Dark Web Profile: CrazyHunter Ransomware
On February 9, 2025, Taiwan MacKay Memorial Hospital suffered a major ransomware attack. It hit the emergency and outpatient systems at both the Taipei and Tamsui campuses. More than 500 computers were encrypted, causing serious disruptions to medical services.
The attack began when an employee unknowingly plugged a USB drive into a hospital computer. This introduced the CrazyHunter ransomware into the system. The malware uses BYOVD (Bring Your Own Vulnerable Driver) methods. It exploited a legitimate driver, zam64.sys from Zemana AntiMalware, to raise its privileges, turn off endpoint protection (EDR), and try to access Microsoft AD accounts using weak passwords. The ransomware then spread widely across the internal network, damaging many of the hospital’s computers and systems.
Who is CrazyHunter Ransomware?
The ransomware attack on MacKay Memorial Hospital in Taiwan is part of a growing trend where threat actors use publicly available tools and code. In this case, the ransomware called “CrazyHunter” was created using a builder named “Prince Ransomware,” which had been shared on GitHub.

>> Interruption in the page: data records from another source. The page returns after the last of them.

(* Let $G$ be a $\lambda$-graph and $Q$ a query over $G$. Then $Q^{\Downarrow}$ is an open bisimulation if and only if $[n]=[m]$ for all nodes $n,m$ with $n\,Q\,m$.
   Context: A pre-$\lambda$-graph is a directed graph whose nodes are of four kinds: an application node $@(n_1,n_2)$ has exactly two children, its left child $n_1$ and its right child $n_2$; an abstraction node $\lambda(n)$ has exactly one child, its body $n$; a free variable node has no children and carries an atom $\mathrm{id}(n)$ from a fixed set of atoms, distinct free variable nodes carrying distinct atoms; a bound variable node $\mathrm{var}(l)$ has exactly one outgoing binding edge, to an abstraction node $l$ (its binder). Letters $l,l'$ denote abstraction nodes. A trace is a finite sequence of directions from $\{\swarrow,\downarrow,\searrow\}$; $\epsilon$ is the empty trace and $d\cdot\tau$ is the trace $\tau$ extended by one final step $d$. Paths $n\xrightarrow{\tau}m$ are defined inductively: $n\xrightarrow{\epsilon}n$; if $n\xrightarrow{\tau}\lambda(m)$ then $n\xrightarrow{\downarrow\cdot\tau}m$; if $n\xrightarrow{\tau}@(m_1,m_2)$ then $n\xrightarrow{\swarrow\cdot\tau}m_1$ and $n\xrightarrow{\searrow\cdot\tau}m_2$ (binding edges are never followed). We write $n\xrightarrow{\tau}$ if $n\xrightarrow{\tau}m$ for some $m$. The path $n\xrightarrow{\tau}$ crosses a node $m$ if either $n\xrightarrow{\tau}m$, or $\tau=d\cdot\tau'$ and $n\xrightarrow{\tau'}$ crosses $m$. A root is a node $r$ such that the only path ending in $r$ has the empty trace. A node $m$ dominates $n$ if every path from a root to $n$ crosses $m$. A $\lambda$-graph is a pre-$\lambda$-graph that has finitely many nodes, is acyclic ($n\xrightarrow{\tau}n$ holds only for $\tau=\epsilon$), and is dominated (every bound variable node $\mathrm{var}(l)$ is dominated by its binder $l$). Two nodes are homogeneous if both are application nodes, or both abstraction nodes, or both free variable nodes, or both bound variable nodes; a binary relation $R$ on nodes is homogeneous if it only relates homogeneous nodes. Rules: $(\swarrow)$: $@(n_1,n_2)\,R\,@(m_1,m_2)$ implies $n_1\,R\,m_1$; $(\searrow)$: $@(n_1,n_2)\,R\,@(m_1,m_2)$ implies $n_2\,R\,m_2$; $(\downarrow)$: $\lambda(n)\,R\,\lambda(m)$ implies $n\,R\,m$; $(\circlearrowright)$: $\mathrm{var}(n)\,R\,\mathrm{var}(m)$ implies $n\,R\,m$. $R$ is propagated if closed under $(\swarrow),(\downarrow),(\searrow)$. $R$ is open if $n\,R\,m$ implies $n=m$ for all free variable nodes $n,m$. A bisimulation is a homogeneous propagated relation closed also under $(\circlearrowright)$. $R^{\Downarrow}$ (propagation) is the smallest propagated relation containing $R$. A query over $G$ is a binary relation on the roots of $G$. Readback. Locally nameless terms: $t::=\underline{k}\mid \mathsf{x}\mid t\,s\mid \lambda.t$ with $k\in\mathbb N$ (bound variable as de Bruijn index) and $\mathsf{x}$ an atom (free variable); equality is syntactic. For a path $n\xrightarrow{\tau}$ crossing an abstraction node $l$, the index $\mathrm{idx}(l,n\xrightarrow{\tau})$ is defined by induction on the crossing: it is $0$ if $n\xrightarrow{\tau}l$; for $n\xrightarrow{d\cdot\tau}l'$ with $l'$ an abstraction node different from $l$ it is $\mathrm{idx}(l,n\xrightarrow{\tau})+1$; for $n\xrightarrow{d\cdot\tau}m$ with $m$ not an abstraction node it is $\mathrm{idx}(l,n\xrightarrow{\tau})$. For a root $r$ and a path $r\xrightarrow{\tau}n$, the readback $[r\xrightarrow{\tau}n]$ is: $\underline{\mathrm{idx}(l,r\xrightarrow{\tau})}$ if $n=\mathrm{var}(l)$ (well defined by domination); $\mathrm{id}(n)$ if $n$ is a free variable node; $\lambda.[r\xrightarrow{\downarrow\cdot\tau}m]$ if $n=\lambda(m)$; $[r\xrightarrow{\swarrow\cdot\tau}n_1]\,[r\xrightarrow{\searrow\cdot\tau}n_2]$ if $n=@(n_1,n_2)$. For a root $r$, $[r]:=[r\xrightarrow{\epsilon}r]$. *)

From Stdlib Require Import List.
Import ListNotations.
Set Implicit Arguments.

Section LambdaGraphs.
Variables (A : Type) (V : Type).

Inductive node : Type :=
  | App (n1 n2 : V)
  | Abs (n : V)
  | FVar (a : A)
  | BVar (l : V).

Variable G : V -> node.

Definition pre_lambda_graph : Prop :=
  (forall n m a, G n = FVar a -> G m = FVar a -> n = m) /\
  (forall v l, G v = BVar l -> exists b, G l = Abs b).

Inductive dir : Type := DL | DD | DR .

(* A trace d . tau is represented as the list d :: tau (head = last step). *)
Definition trace := list dir.

Inductive path : V -> trace -> V -> Prop :=
  | path_nil n : path n [] n
  | path_abs n tau m b : path n tau m -> G m = Abs b -> path n (DD :: tau) b
  | path_appl n tau m m1 m2 : path n tau m -> G m = App m1 m2 -> path n (DL :: tau) m1
  | path_appr n tau m m1 m2 : path n tau m -> G m = App m1 m2 -> path n (DR :: tau) m2.

Fixpoint crosses (n : V) (tau : trace) (m : V) : Prop :=
  path n tau m \/ match tau with [] => False | _ :: tau' => crosses n tau' m end.

Definition is_root (r : V) : Prop := forall n tau, path n tau r -> tau = [].

Definition dominates (m n : V) : Prop :=
  forall r tau, is_root r -> path r tau n -> crosses r tau m.

Definition finite_nodes : Prop := exists l : list V, forall v, In v l.
Definition acyclic : Prop := forall n tau, path n tau n -> tau = [].
Definition dominated : Prop := forall v l, G v = BVar l -> dominates l v.

Definition lambda_graph : Prop :=
  pre_lambda_graph /\ finite_nodes /\ acyclic /\ dominated.

Definition homogeneous_nodes (n m : V) : Prop :=
  match G n, G m with
  | App _ _, App _ _ | Abs _, Abs _ | FVar _, FVar _ | BVar _, BVar _ => True
  | _, _ => False
  end.

Definition homogeneous (R : V -> V -> Prop) : Prop :=
  forall n m, R n m -> homogeneous_nodes n m.

Definition propagated (R : V -> V -> Prop) : Prop :=
  (forall n m n1 n2 m1 m2, R n m -> G n = App n1 n2 -> G m = App m1 m2 -> R n1 m1) /\
  (forall n m n1 n2 m1 m2, R n m -> G n = App n1 n2 -> G m = App m1 m2 -> R n2 m2) /\
  (forall n m b c, R n m -> G n = Abs b -> G m = Abs c -> R b c).

Definition var_closed (R : V -> V -> Prop) : Prop :=
  forall n m l l', R n m -> G n = BVar l -> G m = BVar l' -> R l l'.

Definition open_rel (R : V -> V -> Prop) : Prop :=
  forall n m a b, G n = FVar a -> G m = FVar b -> R n m -> n = m.

Definition bisimulation (R : V -> V -> Prop) : Prop :=
  homogeneous R /\ propagated R /\ var_closed R.

Definition open_bisimulation (R : V -> V -> Prop) : Prop :=
  open_rel R /\ bisimulation R.

(* R^Downarrow: smallest propagated relation containing R *)
Inductive propagation (R : V -> V -> Prop) : V -> V -> Prop :=
  | prop_base n m : R n m -> propagation R n m
  | prop_l n m n1 n2 m1 m2 : propagation R n m -> G n = App n1 n2 -> G m = App m1 m2 ->
      propagation R n1 m1
  | prop_r n m n1 n2 m1 m2 : propagation R n m -> G n = App n1 n2 -> G m = App m1 m2 ->
      propagation R n2 m2
  | prop_abs n m b c : propagation R n m -> G n = Abs b -> G m = Abs c ->
      propagation R b c.

Definition query (Q : V -> V -> Prop) : Prop :=
  forall n m, Q n m -> is_root n /\ is_root m.

Inductive term : Type :=
  | Idx (k : nat)
  | Fv (a : A)
  | TApp (t s : term)
  | Lam (t : term).

Inductive idx (l : V) (n : V) : trace -> nat -> Prop :=
  | idx_here tau : path n tau l -> idx l n tau 0
  | idx_abs d tau l' b k : path n (d :: tau) l' -> G l' = Abs b -> l' <> l ->
      idx l n tau k -> idx l n (d :: tau) (S k)
  | idx_other d tau m k : path n (d :: tau) m -> (forall b, G m <> Abs b) ->
      idx l n tau k -> idx l n (d :: tau) k.

Inductive readback_path (r : V) : trace -> V -> term -> Prop :=
  | rb_var tau n l k : G n = BVar l -> idx l r tau k -> readback_path r tau n (Idx k)
  | rb_fv tau n a : G n = FVar a -> readback_path r tau n (Fv a)
  | rb_abs tau n b t : G n = Abs b -> readback_path r (DD :: tau) b t ->
      readback_path r tau n (Lam t)
  | rb_app tau n n1 n2 t1 t2 : G n = App n1 n2 ->
      readback_path r (DL :: tau) n1 t1 -> readback_path r (DR :: tau) n2 t2 ->
      readback_path r tau n (TApp t1 t2).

Threat actor card for CrazyHunter Ransomware
CrazyHunter has quickly become a notable threat. The group recently launched a data leak site (DLS) listing ten victims, all based in Taiwan. Since early January, internal monitoring has revealed a clear pattern of targeting Taiwanese organizations. Their victims include hospitals, medical centers, universities, schools, manufacturing firms, and industrial companies–indicating a focus on sectors with sensitive data and critical operations.

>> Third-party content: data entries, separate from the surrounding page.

(* Let $H$ be an $r$-graph with $h$ vertices. Then $$C_r(n,H)=O\!\left(n^{\frac{h-r}{h}}\cdot h^{2r+\frac{r}{h}}\right).$$
   Context: An $r$-graph is an $r$-uniform hypergraph; $K_n^{(r)}$ is the complete $r$-graph on $n$ vertices. A copy of an $r$-graph $H$ in $K_n^{(r)}$ is a subhypergraph isomorphic to $H$. An $(n,r,H)$-local coloring with $k$ colors is a family of edge-colorings $f_v:E(K_n^{(r)})\to[k]$, one per vertex $v$, such that for every copy $T$ of $H$ there is $u\in V(T)$ with $f_u$ injective on $E(T)$. $C_r(n,H)$ is the minimum such $k$. *)

From Stdlib Require Import Reals.
From mathcomp Require Import all_boot.
From mathcomp Require Import boolp.

Set Implicit Arguments.
Unset Strict Implicit.
Unset Printing Implicit Defensive.

Definition is_rgraph (r h : nat) (EH : {set {set 'I_h}}) : Prop :=
  forall e, e \in EH -> #|e| = r.

(* Copies of H in K_n^(r): for every injective phi : 'I_h -> 'I_n, the
   subhypergraph with vertex set phi('I_h) and edge set {phi(e) | e in EH}.
   Every copy of H arises in this way.  A family of edge colourings
   f v : (r-subsets of 'I_n) -> [k]  (given as a function on all subsets,
   only its values on r-sets matter) is an (n,r,H)-local colouring if for
   every copy T of H some u in V(T) has f u injective on E(T). *)
Definition local_coloring (n h k : nat) (EH : {set {set 'I_h}})
  (f : 'I_n -> {set 'I_n} -> 'I_k) : Prop :=
  forall phi : 'I_h -> 'I_n, injective phi ->
    exists u : 'I_n,
      u \in [set phi i | i : 'I_h] /\
      {in ((fun e : {set 'I_h} => phi @: e) @: EH) &, injective (f u)}.

Definition has_local_coloring (n h k : nat) (EH : {set {set 'I_h}}) : Prop :=
  exists f : 'I_n -> {set 'I_n} -> 'I_k, @local_coloring n h k EH f.

(* C_r(n,H): the minimum number k of colours admitting a local colouring
   (0 by convention if no k works, which only happens when h = 0). *)
Definition C_r (n h : nat) (EH : {set {set 'I_h}}) : nat :=
  match pselect (exists k, `[< @has_local_coloring n h k EH >]) with
  | left ex => ex_minn ex
  | right _ => 0
  end.

(* Colour at random: the colourings f u, u in 'I_n, are independent and
   uniform.  For a copy T of H the bad event "no u in V(T) colours E(T)
   injectively" has probability at most (|E(H)|^2 / k)^h, the h colourings
   f u (u in V(T)) being independent and each colliding on E(T) with
   probability at most |E(H)|^2 / k.  The event only depends on the values
   f u E with u in V(T), E in E(T); a copy sharing one of them maps an edge of
   H into V(T), so each event depends on at most |E(H)| h^r n^(h-r) others.
   The symmetric local lemma (4 D p <= 1) then yields a good colouring as soon
   as k^h >= 4 (|E(H)| h^r n^(h-r) + 1) |E(H)|^(2h), and with
   |E(H)| <= min(h^r, 2^h) this holds for k about 16 n^((h-r)/h) h^(2r+r/h). *)

From Stdlib Require Import Reals Lra ZArith.
From mathcomp Require Import all_boot zify boolp.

What are CrazyHunter Ransomware’s Targets?
The CrazyHunter ransomware group has focused most of its attacks on Taiwan, with 90% of confirmed victims based there. Only one reported victim is located in the United States, though that case may be a false attribution. This strong geographic bias suggests that CrazyHunter is deliberately and physically targeting Taiwanese organizations.
Announced victims of CrazyHunter Ransomware. Note: The one US victim might be a false attribution.

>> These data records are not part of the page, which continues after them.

(* Let $N=\{1,\dots,n\}$, $\eta>0$, $B\ge1$ an integer. Let $(A(k))_{k\ge0}$ be $n\times n$ matrices, $x(0)\in\mathbb{R}^n$, and $x(k+1)=A(k)x(k)$. Assume: (i) each $A(k)$ is doubly stochastic with positive diagonal entries and all positive entries at least $\eta$; (ii) for every integer $k\ge0$, every permutation $\sigma$ of $N$ with $x_{\sigma(1)}(kB)\ge\cdots\ge x_{\sigma(n)}(kB)$, and every $d\in\{1,\dots,n-1\}$, either $x_{\sigma(d)}(kB)=x_{\sigma(d+1)}(kB)$, or there exist $t\in\{kB,\dots,(k+1)B-1\}$, $i\in\{\sigma(1),\dots,\sigma(d)\}$, $j\in\{\sigma(d+1),\dots,\sigma(n)\}$ with $(i,j)$ or $(j,i)$ in $\mathcal{E}(A(t))$. Then for every integer $k\ge0$ and every permutation $\sigma$ of $N$ with $x_{\sigma(1)}(kB)\ge\cdots\ge x_{\sigma(n)}(kB)$, \[V(x(kB))-V(x((k+1)B))\ge\frac\eta2\sum_{i=1}^{n-1}\big(x_{\sigma(i)}(kB)-x_{\sigma(i+1)}(kB)\big)^2.\]
   Context: A matrix is doubly stochastic if it is nonnegative with all row and column sums equal to $1$. For a matrix $A=[a_{ij}]$, $\mathcal{E}(A)$ is the set of directed edges $(j,i)$ (including self-edges) with $a_{ij}>0$. For $x\in\mathbb{R}^n$, $\bar x=\frac1n\sum_ix_i$ and $V(x)=\sum_i(x_i-\bar x)^2$. *)

(* R : realFieldType, vectors are column vectors 'cV[R]_n,
   indices N = {1,...,n} are represented 0-based by 'I_n. *)
From HB Require Import structures.
From mathcomp Require Import all_boot all_order all_algebra all_fingroup.
Set Implicit Arguments. Unset Strict Implicit. Unset Printing Implicit Defensive.
Import Order.TTheory GRing.Theory Num.Theory.
Local Open Scope ring_scope.

Definition doubly_stochastic (R : realFieldType) (n : nat) (A : 'M[R]_n) : Prop :=
  (forall i j, 0 <= A i j) /\
  (forall i, \sum_j A i j = 1) /\
  (forall j, \sum_i A i j = 1).

Definition in_edges (R : realFieldType) (n : nat) (A : 'M[R]_n) (j i : 'I_n) : Prop :=
  0 < A i j.

Definition xbar (R : realFieldType) (n : nat) (x : 'cV[R]_n) : R :=
  (\sum_i x i 0) / n%:R.
Definition Vfun (R : realFieldType) (n : nat) (x : 'cV[R]_n) : R :=
  \sum_i (x i 0 - xbar x) ^+ 2.

(* entry x_{sigma(p+1)} (0-based position p); 0 out of range (never used there) *)
Definition xpos (R : realFieldType) (n : nat) (s : 'S_n) (x : 'cV[R]_n) (p : nat) : R :=
  match (insub p : option 'I_n) with Some i => x (s i) 0 | None => 0 end.

Definition sorted_by (R : realFieldType) (n : nat) (s : 'S_n) (x : 'cV[R]_n) : Prop :=
  forall p q : nat, (p <= q)%N -> (q < n)%N -> xpos s x q <= xpos s x p.

From HB Require Import structures.
From mathcomp Require Import all_boot all_order all_algebra all_fingroup.
From mathcomp Require Import ring lra zify.
From Stdlib Require Import Classical.
Import Order.TTheory GRing.Theory Num.Theory.
Local Open Scope ring_scope.

(* For a doubly stochastic A, V(x) - V(Ax) = sum_p sum_j a_pj (x_j - (Ax)_p)^2,
   and the row p alone contributes at least eta/2 (M_p - m_p)^2, where M_p and
   m_p are the largest and smallest values of x among the neighbours of p.  The
   squared gaps of the sorted x(kB) lying inside [m_p, M_p] sum to at most
   (M_p - m_p)^2.  It remains to see that every nonzero gap is straddled by some
   row at some time of the window: until an edge first crosses the cut at that
   gap, the values above the cut stay above the gap and those below stay below
   it, so the crossing edge produces a row whose neighbourhood spans the gap. *)

Section Variance.
Context {R : realFieldType} {n : nat}.

Lemma sum_mulr_col1 (A : 'M[R]_n) (f : 'I_n -> R) :
  (forall j, \sum_i A i j = 1) -> \sum_i \sum_j A i j * f j = \sum_j f j.
Proof.
move=> A_col1; rewrite exchange_big; apply: eq_bigr => j _.
by rewrite -mulr_suml A_col1 mul1r.
Qed.

Lemma sum_weighted_sqr_dev (w f : 'I_n -> R) : \sum_j w j = 1 ->
  \sum_j w j * (f j - \sum_l w l * f l) ^+ 2 =
  \sum_j w j * f j ^+ 2 - (\sum_l w l * f l) ^+ 2.
Proof.
move=> w1; set m := \sum_l w l * f l.
transitivity (\sum_j w j * f j ^+ 2 - m *+ 2 * m + m ^+ 2 * \sum_j w j).
  rewrite mulr_sumr /m mulr_sumr -sumrB -big_split /=.
  by apply: eq_bigr => j _; ring.
by rewrite w1; ring.
Qed.

Lemma Vfun_sub_sum_sqr (z y : 'cV[R]_n) : \sum_i z i 0 = \sum_i y i 0 ->
  Vfun z - Vfun y = \sum_i z i 0 ^+ 2 - \sum_i y i 0 ^+ 2.
Proof.
move=> sum_zy; rewrite /Vfun /xbar -sum_zy; set c := _ / _.
transitivity (\sum_i (z i 0 ^+ 2 - y i 0 ^+ 2) - c *+ 2 * (\sum_i z i 0 - \sum_i y i 0)).
  rewrite -!sumrB mulr_sumr -sumrB; apply: eq_bigr => i _; ring.
by rewrite sum_zy subrr mulr0 subr0 sumrB.
Qed.

Lemma Vfun_sub_mulmx (A : 'M[R]_n) (y : 'cV[R]_n) : doubly_stochastic A ->
  Vfun y - Vfun (A *m y) = \sum_p \sum_j A p j * (y j 0 - (A *m y) p 0) ^+ 2.
Proof.
move=> [_ [A_row1 A_col1]].
have Ay p : (A *m y) p 0 = \sum_j A p j * y j 0 by rewrite mxE.
have sum_Ay : \sum_p (A *m y) p 0 = \sum_j y j 0.
  by under eq_bigr do rewrite Ay; exact: sum_mulr_col1.
rewrite Vfun_sub_sum_sqr ?sum_Ay //.
under [RHS]eq_bigr do rewrite Ay sum_weighted_sqr_dev //.
rewrite sumrB sum_mulr_col1 //; congr (_ - _).
by apply: eq_bigr => p _; rewrite Ay.
Qed.

End Variance.

Section RealInequalities.
Context {R : realFieldType}.

Lemma sqr_subr_le (a b c : R) : (a - b) ^+ 2 <= 2 * ((a - c) ^+ 2 + (b - c) ^+ 2).
Proof.
rewrite -subr_ge0.
have -> : 2 * ((a - c) ^+ 2 + (b - c) ^+ 2) - (a - b) ^+ 2 = (a + b - c *+ 2) ^+ 2.
  by ring.
exact: sqr_ge0.
Qed.

Lemma weighted_sqr_dev_ge (I : finType) (w f : I -> R) (eta c : R) (j1 j2 : I) :
  (forall j, 0 <= w j) -> 0 <= eta -> eta <= w j1 -> eta <= w j2 ->
  eta / 2 * (f j1 - f j2) ^+ 2 <= \sum_j w j * (f j - c) ^+ 2.
Proof.
move=> w_ge0 eta_ge0 w1 w2.
have term_ge0 j : 0 <= w j * (f j - c) ^+ 2 by rewrite mulr_ge0 ?sqr_ge0.
have [<-|j12] := eqVneq j1 j2.
  by rewrite subrr expr0n mulr0 sumr_ge0.
rewrite (bigD1 j1) // (bigD1 j2) /=; last by rewrite eq_sym j12.
have rest_ge0 : 0 <= \sum_(j | (j != j1) && (j != j2)) w j * (f j - c) ^+ 2.
  exact: sumr_ge0.
have eta_half : 0 <= eta / 2 by rewrite divr_ge0.
have := ler_wpM2l eta_half (sqr_subr_le (f j1) (f j2) c).
have := ler_wpM2r (sqr_ge0 (f j1 - c)) w1.
have := ler_wpM2r (sqr_ge0 (f j2 - c)) w2.
lra.
Qed.

Definition clamp (m M v : R) := if v < m then m else if M < v then M else v.

Lemma clamp_bounds m M v : m <= M -> m <= clamp m M v <= M.
Proof.
rewrite /clamp => ?.
by case: (ltP v m) => ?; case: (ltP M v) => ?; apply/andP; split; lra.
Qed.

Lemma clamp_le_mono m M v w : m <= M -> w <= v -> clamp m M w <= clamp m M v.
Proof.
rewrite /clamp => ? ?.
by case: (ltP v m) => ?; case: (ltP M v) => ?;
   case: (ltP w m) => ?; case: (ltP M w) => ?; lra.
Qed.

Lemma clamp_id m M v : m <= v <= M -> clamp m M v = v.
Proof.
by rewrite /clamp => /andP[? ?]; case: (ltP v m) => ?; case: (ltP M v) => ? //; lra.
Qed.

(* The gaps lying inside [m, M] are bounded by the increments of the clamped
   sequence, which telescope. *)
Lemma sum_sqr_gaps_le (u : nat -> R) (N : nat) (m M : R) :
  m <= M -> (forall i, (i < N)%N -> u i.+1 <= u i) ->
  \sum_(0 <= i < N) ((m <= u i.+1) && (u i <= M))%:R * (u i - u i.+1) ^+ 2
    <= (M - m) ^+ 2.
Proof.
move=> mM u_dec; set c := fun i => clamp m M (u i).
apply: (@le_trans _ _ (\sum_(0 <= i < N) (M - m) * (c i - c i.+1))).
  rewrite big_nat [X in _ <= X]big_nat; apply: ler_sum => i /andP[_ iN].
  have ui := u_dec i iN.
  case: andP => [[mu uM]|_] /=.
    rewrite /c !clamp_id ?mu ?uM /=; try lra.
    by rewrite mul1r expr2 ler_wpM2r //; lra.
  by rewrite mul0r mulr_ge0 ?subr_ge0 //; exact: clamp_le_mono.
have telesc : \sum_(0 <= i < N) (c i - c i.+1) = c 0%N - c N.
  rewrite -opprB -(telescope_sumr c (leq0n N)) -sumrN.
  by apply: eq_bigr => i _; rewrite opprB.
have /andP[c0m c0M] := clamp_bounds _ _ (u 0%N) mM.
have /andP[cNm cNM] := clamp_bounds _ _ (u N) mM.
rewrite -mulr_sumr telesc expr2 ler_wpM2l /c; lra.
Qed.

End RealInequalities.

Section ConvexCombination.
Context {R : realFieldType} {I : finType} (w : I -> R).
Hypotheses (w_ge0 : forall i, 0 <= w i) (w_sum1 : \sum_i w i = 1).

Lemma convex_comb_ge (f : I -> R) (a : R) :
  (forall i, 0 < w i -> a <= f i) -> a <= \sum_i w i * f i.
Proof.
move=> f_ge; rewrite -[a]mul1r -w_sum1 mulr_suml; apply: ler_sum => i _.
have [w0|w_gt0] := eqVneq (w i) 0; first by rewrite w0 !mul0r.
by rewrite ler_wpM2l // f_ge // lt0r w_gt0 w_ge0.
Qed.

Lemma convex_comb_le (f : I -> R) (b : R) :
  (forall i, 0 < w i -> f i <= b) -> \sum_i w i * f i <= b.
Proof.
move=> f_le; rewrite -lerN2 -sumrN.
under eq_bigr do rewrite -mulrN.
by apply: convex_comb_ge => i /f_le; rewrite lerN2.
Qed.

End ConvexCombination.

(* Meaningful only when a_pp > 0; otherwise the arg max/min ranges over a
   possibly empty predicate and returns a junk index. *)
Definition nbr_max {R : realFieldType} {n : nat}
    (A : 'M[R]_n) (y : 'cV[R]_n) (p : 'I_n) : R :=
  y [arg max_(j > p | 0 < A p j) y j 0]%O 0.

Definition nbr_min {R : realFieldType} {n : nat}
    (A : 'M[R]_n) (y : 'cV[R]_n) (p : 'I_n) : R :=
  y [arg min_(j < p | 0 < A p j) y j 0]%O 0.

Section Neighbours.
Context {R : realFieldType} {n : nat} {A : 'M[R]_n} (y : 'cV[R]_n) {p : 'I_n}.

Hypothesis A_pp : 0 < A p p.

Lemma nbr_max_ge {l} : 0 < A p l -> y l 0 <= nbr_max A y p.
Proof. by rewrite /nbr_max; case: arg_maxP => // j _ max_j /max_j. Qed.

Lemma nbr_min_le {l} : 0 < A p l -> nbr_min A y p <= y l 0.
Proof. by rewrite /nbr_min; case: arg_minP => // j _ min_j /min_j. Qed.

Lemma nbr_max_attained : exists2 j, 0 < A p j & nbr_max A y p = y j 0.
Proof. by rewrite /nbr_max; case: arg_maxP => // j Apj _; exists j. Qed.

Lemma nbr_min_attained : exists2 j, 0 < A p j & nbr_min A y p = y j 0.
Proof. by rewrite /nbr_min; case: arg_minP => // j Apj _; exists j. Qed.

Lemma nbr_min_le_max : nbr_min A y p <= nbr_max A y p.
Proof. exact: le_trans (nbr_min_le A_pp) (nbr_max_ge A_pp). Qed.

Lemma row_sqr_dev_ge (eta c : R) : (forall j, 0 <= A p j) -> 0 <= eta ->
  (forall j, 0 < A p j -> eta <= A p j) ->
  eta / 2 * (nbr_max A y p - nbr_min A y p) ^+ 2 <=
    \sum_j A p j * (y j 0 - c) ^+ 2.
Proof.
move=> A_ge0 eta_ge0 A_eta.
have [j1 Apj1 ->] := nbr_max_attained; have [j2 Apj2 ->] := nbr_min_attained.
exact: weighted_sqr_dev_ge (A_eta _ Apj1) (A_eta _ Apj2).
Qed.

End Neighbours.

Definition separated {R : realFieldType} {n : nat} (x : nat -> 'cV[R]_n)
    (S : {pred 'I_n}) (a b : R) (t : nat) : Prop :=
  forall j, (j \in S -> a <= x t j 0) /\ (j \notin S -> x t j 0 <= b).

Definition crossing {R : realFieldType} {n : nat} (A : nat -> 'M[R]_n)
    (S : {pred 'I_n}) (t : nat) : Prop :=
  exists u l, [/\ u \in S, l \notin S & 0 < A t l u \/ 0 < A t u l].

Definition straddles {R : realFieldType} {n : nat} (A : nat -> 'M[R]_n)
    (x : nat -> 'cV[R]_n) (a b : R) (t : nat) (p : 'I_n) : bool :=
  (nbr_min (A t) (x t) p <= b) && (a <= nbr_max (A t) (x t) p).

Section Cut.
Context {R : realFieldType} {n : nat} {A : nat -> 'M[R]_n} {x : nat -> 'cV[R]_n}.
Hypothesis x_rec : forall t, x t.+1 = A t *m x t.
Hypothesis A_ge0 : forall t i j, 0 <= A t i j.
Hypothesis A_row1 : forall t i, \sum_j A t i j = 1.
Hypothesis A_diag_gt0 : forall t i, 0 < A t i i.
Context {S : {pred 'I_n}} {a b : R}.

Lemma separated_step {t} :
  separated x S a b t -> ~ crossing A S t -> separated x S a b t.+1.
Proof.
move=> sep no_cross j; rewrite x_rec !mxE; split=> Sj.
- apply: convex_comb_ge => // l Ajl; apply: (proj1 (sep l)).
  by apply/negPn/negP => Sl; apply: no_cross; exists j, l; split=> //; right.
- apply: convex_comb_le => // l Ajl; apply: (proj2 (sep l)).
  by apply/negP => Sl; apply: no_cross; exists l, j; split=> //; left.
Qed.

Lemma crossing_straddles {t} :
  separated x S a b t -> crossing A S t -> exists p, straddles A x a b t p.
Proof.
move=> sep [u [l [Su Sl Aul]]].
have a_le_u := proj1 (sep u) Su; have l_le_b := proj2 (sep l) Sl.
have [Alu|Aul'] := Aul; [exists l | exists u]; apply/andP; split.
- exact: le_trans (nbr_min_le (x t) (A_diag_gt0 t l) (A_diag_gt0 t l)) l_le_b.
- exact: le_trans a_le_u (nbr_max_ge (x t) (A_diag_gt0 t l) Alu).
- exact: le_trans (nbr_min_le (x t) (A_diag_gt0 t u) Aul') l_le_b.
- exact: le_trans a_le_u (nbr_max_ge (x t) (A_diag_gt0 t u) (A_diag_gt0 t u)).
Qed.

The group has attacked a variety of sectors, but healthcare and technology stand out as the most affected. Hospitals and medical institutions make up 30% of known victims, including MacKay Memorial Hospital, Changhua Christian Hospital, and Asia University Hospital. Another 30% of the victims belong to the technology sector, such as Zuni Data, Analog Integrations Corporation, and Netronix Inc. Manufacturing companies represent 20% of the cases, with Huacheng Electric and KD Panels falling victim. The remaining 20% includes educational institutions like Asia University and a consumer service company.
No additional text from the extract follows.